WORK TASK
The task calls for every line of the data to be repeated exactly.

RECORDS PROVIDED
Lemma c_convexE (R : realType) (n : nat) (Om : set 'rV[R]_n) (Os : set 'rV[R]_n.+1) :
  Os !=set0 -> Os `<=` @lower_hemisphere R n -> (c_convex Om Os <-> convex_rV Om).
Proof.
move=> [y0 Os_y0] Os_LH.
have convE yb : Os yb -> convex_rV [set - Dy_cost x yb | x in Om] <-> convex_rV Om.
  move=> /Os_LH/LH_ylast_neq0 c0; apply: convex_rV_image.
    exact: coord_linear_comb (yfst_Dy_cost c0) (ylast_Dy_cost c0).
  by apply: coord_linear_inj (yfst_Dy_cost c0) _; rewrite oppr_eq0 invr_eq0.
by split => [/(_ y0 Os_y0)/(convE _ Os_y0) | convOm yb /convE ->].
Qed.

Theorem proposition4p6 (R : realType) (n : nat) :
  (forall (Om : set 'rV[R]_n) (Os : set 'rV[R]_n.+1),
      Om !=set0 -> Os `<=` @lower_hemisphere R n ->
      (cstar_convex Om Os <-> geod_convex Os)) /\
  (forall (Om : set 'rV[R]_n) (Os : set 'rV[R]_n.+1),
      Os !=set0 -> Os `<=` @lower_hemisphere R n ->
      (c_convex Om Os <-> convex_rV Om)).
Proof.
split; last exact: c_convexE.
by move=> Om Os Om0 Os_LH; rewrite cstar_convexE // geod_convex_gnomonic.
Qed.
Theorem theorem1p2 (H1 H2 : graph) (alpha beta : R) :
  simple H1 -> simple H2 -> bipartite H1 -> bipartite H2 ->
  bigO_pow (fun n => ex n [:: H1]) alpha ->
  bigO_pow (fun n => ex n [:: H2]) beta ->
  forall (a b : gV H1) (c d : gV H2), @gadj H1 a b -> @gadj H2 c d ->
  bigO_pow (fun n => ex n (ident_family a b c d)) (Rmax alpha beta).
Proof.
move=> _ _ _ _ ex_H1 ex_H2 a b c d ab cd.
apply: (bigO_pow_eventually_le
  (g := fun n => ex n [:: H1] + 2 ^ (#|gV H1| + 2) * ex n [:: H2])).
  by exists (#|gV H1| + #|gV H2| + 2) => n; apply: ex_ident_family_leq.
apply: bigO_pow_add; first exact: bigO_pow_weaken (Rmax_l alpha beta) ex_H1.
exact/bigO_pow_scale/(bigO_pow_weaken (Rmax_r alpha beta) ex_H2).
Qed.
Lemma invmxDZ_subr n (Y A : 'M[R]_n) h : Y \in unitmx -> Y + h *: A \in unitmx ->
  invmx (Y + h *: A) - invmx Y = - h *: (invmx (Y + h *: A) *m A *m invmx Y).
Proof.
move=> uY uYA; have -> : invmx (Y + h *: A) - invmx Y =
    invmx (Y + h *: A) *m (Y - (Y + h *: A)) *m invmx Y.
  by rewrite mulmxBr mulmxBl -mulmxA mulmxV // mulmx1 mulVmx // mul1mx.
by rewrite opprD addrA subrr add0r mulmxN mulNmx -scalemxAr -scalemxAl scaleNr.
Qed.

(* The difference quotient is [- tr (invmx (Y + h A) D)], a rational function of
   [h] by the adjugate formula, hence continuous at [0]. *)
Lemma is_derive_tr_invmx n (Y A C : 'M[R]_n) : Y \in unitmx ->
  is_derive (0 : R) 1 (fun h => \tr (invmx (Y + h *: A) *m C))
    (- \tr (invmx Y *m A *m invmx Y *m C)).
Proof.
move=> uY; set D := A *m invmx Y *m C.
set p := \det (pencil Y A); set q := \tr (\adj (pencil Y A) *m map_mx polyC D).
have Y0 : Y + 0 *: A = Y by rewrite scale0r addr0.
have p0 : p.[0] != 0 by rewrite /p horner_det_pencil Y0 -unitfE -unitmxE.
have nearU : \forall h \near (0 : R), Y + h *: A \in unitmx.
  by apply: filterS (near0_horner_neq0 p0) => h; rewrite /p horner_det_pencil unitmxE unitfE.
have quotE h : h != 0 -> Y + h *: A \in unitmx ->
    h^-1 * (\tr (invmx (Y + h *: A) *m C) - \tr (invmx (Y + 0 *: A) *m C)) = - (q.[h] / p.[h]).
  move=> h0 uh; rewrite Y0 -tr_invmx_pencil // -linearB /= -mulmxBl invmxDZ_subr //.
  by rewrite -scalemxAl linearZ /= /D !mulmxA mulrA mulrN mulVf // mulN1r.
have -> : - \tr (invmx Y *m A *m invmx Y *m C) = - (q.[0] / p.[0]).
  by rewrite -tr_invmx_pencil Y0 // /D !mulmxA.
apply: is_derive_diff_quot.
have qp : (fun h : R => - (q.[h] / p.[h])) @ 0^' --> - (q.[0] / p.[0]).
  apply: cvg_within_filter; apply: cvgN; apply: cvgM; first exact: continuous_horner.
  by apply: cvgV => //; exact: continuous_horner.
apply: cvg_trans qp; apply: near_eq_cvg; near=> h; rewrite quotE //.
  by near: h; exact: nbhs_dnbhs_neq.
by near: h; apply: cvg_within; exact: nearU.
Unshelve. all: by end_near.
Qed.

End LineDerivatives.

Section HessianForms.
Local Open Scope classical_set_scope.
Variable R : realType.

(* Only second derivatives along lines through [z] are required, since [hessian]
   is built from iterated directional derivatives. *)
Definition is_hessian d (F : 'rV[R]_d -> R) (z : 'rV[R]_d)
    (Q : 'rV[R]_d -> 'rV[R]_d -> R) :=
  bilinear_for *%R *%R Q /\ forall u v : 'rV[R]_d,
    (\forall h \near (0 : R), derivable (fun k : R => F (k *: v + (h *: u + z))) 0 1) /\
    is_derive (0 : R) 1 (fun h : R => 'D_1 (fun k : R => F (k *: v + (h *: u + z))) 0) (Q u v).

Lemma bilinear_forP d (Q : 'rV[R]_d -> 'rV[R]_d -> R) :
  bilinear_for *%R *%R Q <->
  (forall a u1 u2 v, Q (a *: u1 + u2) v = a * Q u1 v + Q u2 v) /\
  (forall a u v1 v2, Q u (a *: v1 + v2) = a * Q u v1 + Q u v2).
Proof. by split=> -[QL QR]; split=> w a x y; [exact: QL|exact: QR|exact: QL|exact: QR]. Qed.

ANSWER BOX
Lemma c_convexE (R : realType) (n : nat) (Om : set 'rV[R]_n) (Os : set 'rV[R]_n.+1) :
  Os !=set0 -> Os `<=` @lower_hemisphere R n -> (c_convex Om Os <-> convex_rV Om).
Proof.
move=> [y0 Os_y0] Os_LH.
have convE yb : Os yb -> convex_rV [set - Dy_cost x yb | x in Om] <-> convex_rV Om.
  move=> /Os_LH/LH_ylast_neq0 c0; apply: convex_rV_image.
    exact: coord_linear_comb (yfst_Dy_cost c0) (ylast_Dy_cost c0).
  by apply: coord_linear_inj (yfst_Dy_cost c0) _; rewrite oppr_eq0 invr_eq0.
by split => [/(_ y0 Os_y0)/(convE _ Os_y0) | convOm yb /convE ->].
Qed.

Theorem proposition4p6 (R : realType) (n : nat) :
  (forall (Om : set 'rV[R]_n) (Os : set 'rV[R]_n.+1),
      Om !=set0 -> Os `<=` @lower_hemisphere R n ->
      (cstar_convex Om Os <-> geod_convex Os)) /\
  (forall (Om : set 'rV[R]_n) (Os : set 'rV[R]_n.+1),
      Os !=set0 -> Os `<=` @lower_hemisphere R n ->
      (c_convex Om Os <-> convex_rV Om)).
Proof.
split; last exact: c_convexE.
by move=> Om Os Om0 Os_LH; rewrite cstar_convexE // geod_convex_gnomonic.
Qed.
Theorem theorem1p2 (H1 H2 : graph) (alpha beta : R) :
  simple H1 -> simple H2 -> bipartite H1 -> bipartite H2 ->
  bigO_pow (fun n => ex n [:: H1]) alpha ->
  bigO_pow (fun n => ex n [:: H2]) beta ->
  forall (a b : gV H1) (c d : gV H2), @gadj H1 a b -> @gadj H2 c d ->
  bigO_pow (fun n => ex n (ident_family a b c d)) (Rmax alpha beta).
Proof.
move=> _ _ _ _ ex_H1 ex_H2 a b c d ab cd.
apply: (bigO_pow_eventually_le
  (g := fun n => ex n [:: H1] + 2 ^ (#|gV H1| + 2) * ex n [:: H2])).
  by exists (#|gV H1| + #|gV H2| + 2) => n; apply: ex_ident_family_leq.
apply: bigO_pow_add; first exact: bigO_pow_weaken (Rmax_l alpha beta) ex_H1.
exact/bigO_pow_scale/(bigO_pow_weaken (Rmax_r alpha beta) ex_H2).
Qed.
Lemma invmxDZ_subr n (Y A : 'M[R]_n) h : Y \in unitmx -> Y + h *: A \in unitmx ->
  invmx (Y + h *: A) - invmx Y = - h *: (invmx (Y + h *: A) *m A *m invmx Y).
Proof.
move=> uY uYA; have -> : invmx (Y + h *: A) - invmx Y =
    invmx (Y + h *: A) *m (Y - (Y + h *: A)) *m invmx Y.
  by rewrite mulmxBr mulmxBl -mulmxA mulmxV // mulmx1 mulVmx // mul1mx.
by rewrite opprD addrA subrr add0r mulmxN mulNmx -scalemxAr -scalemxAl scaleNr.
Qed.

(* The difference quotient is [- tr (invmx (Y + h A) D)], a rational function of
   [h] by the adjugate formula, hence continuous at [0]. *)
Lemma is_derive_tr_invmx n (Y A C : 'M[R]_n) : Y \in unitmx ->
  is_derive (0 : R) 1 (fun h => \tr (invmx (Y + h *: A) *m C))
    (- \tr (invmx Y *m A *m invmx Y *m C)).
Proof.
move=> uY; set D := A *m invmx Y *m C.
set p := \det (pencil Y A); set q := \tr (\adj (pencil Y A) *m map_mx polyC D).
have Y0 : Y + 0 *: A = Y by rewrite scale0r addr0.
have p0 : p.[0] != 0 by rewrite /p horner_det_pencil Y0 -unitfE -unitmxE.
have nearU : \forall h \near (0 : R), Y + h *: A \in unitmx.
  by apply: filterS (near0_horner_neq0 p0) => h; rewrite /p horner_det_pencil unitmxE unitfE.
have quotE h : h != 0 -> Y + h *: A \in unitmx ->
    h^-1 * (\tr (invmx (Y + h *: A) *m C) - \tr (invmx (Y + 0 *: A) *m C)) = - (q.[h] / p.[h]).
  move=> h0 uh; rewrite Y0 -tr_invmx_pencil // -linearB /= -mulmxBl invmxDZ_subr //.
  by rewrite -scalemxAl linearZ /= /D !mulmxA mulrA mulrN mulVf // mulN1r.
have -> : - \tr (invmx Y *m A *m invmx Y *m C) = - (q.[0] / p.[0]).
  by rewrite -tr_invmx_pencil Y0 // /D !mulmxA.
apply: is_derive_diff_quot.
have qp : (fun h : R => - (q.[h] / p.[h])) @ 0^' --> - (q.[0] / p.[0]).
  apply: cvg_within_filter; apply: cvgN; apply: cvgM; first exact: continuous_horner.
  by apply: cvgV => //; exact: continuous_horner.
apply: cvg_trans qp; apply: near_eq_cvg; near=> h; rewrite quotE //.
  by near: h; exact: nbhs_dnbhs_neq.
by near: h; apply: cvg_within; exact: nearU.
Unshelve. all: by end_near.
Qed.

End LineDerivatives.

Section HessianForms.
Local Open Scope classical_set_scope.
Variable R : realType.

(* Only second derivatives along lines through [z] are required, since [hessian]
   is built from iterated directional derivatives. *)
Definition is_hessian d (F : 'rV[R]_d -> R) (z : 'rV[R]_d)
    (Q : 'rV[R]_d -> 'rV[R]_d -> R) :=
  bilinear_for *%R *%R Q /\ forall u v : 'rV[R]_d,
    (\forall h \near (0 : R), derivable (fun k : R => F (k *: v + (h *: u + z))) 0 1) /\
    is_derive (0 : R) 1 (fun h : R => 'D_1 (fun k : R => F (k *: v + (h *: u + z))) 0) (Q u v).

Lemma bilinear_forP d (Q : 'rV[R]_d -> 'rV[R]_d -> R) :
  bilinear_for *%R *%R Q <->
  (forall a u1 u2 v, Q (a *: u1 + u2) v = a * Q u1 v + Q u2 v) /\
  (forall a u v1 v2, Q u (a *: v1 + v2) = a * Q u v1 + Q u v2).
Proof. by split=> -[QL QR]; split=> w a x y; [exact: QL|exact: QR|exact: QL|exact: QR]. Qed.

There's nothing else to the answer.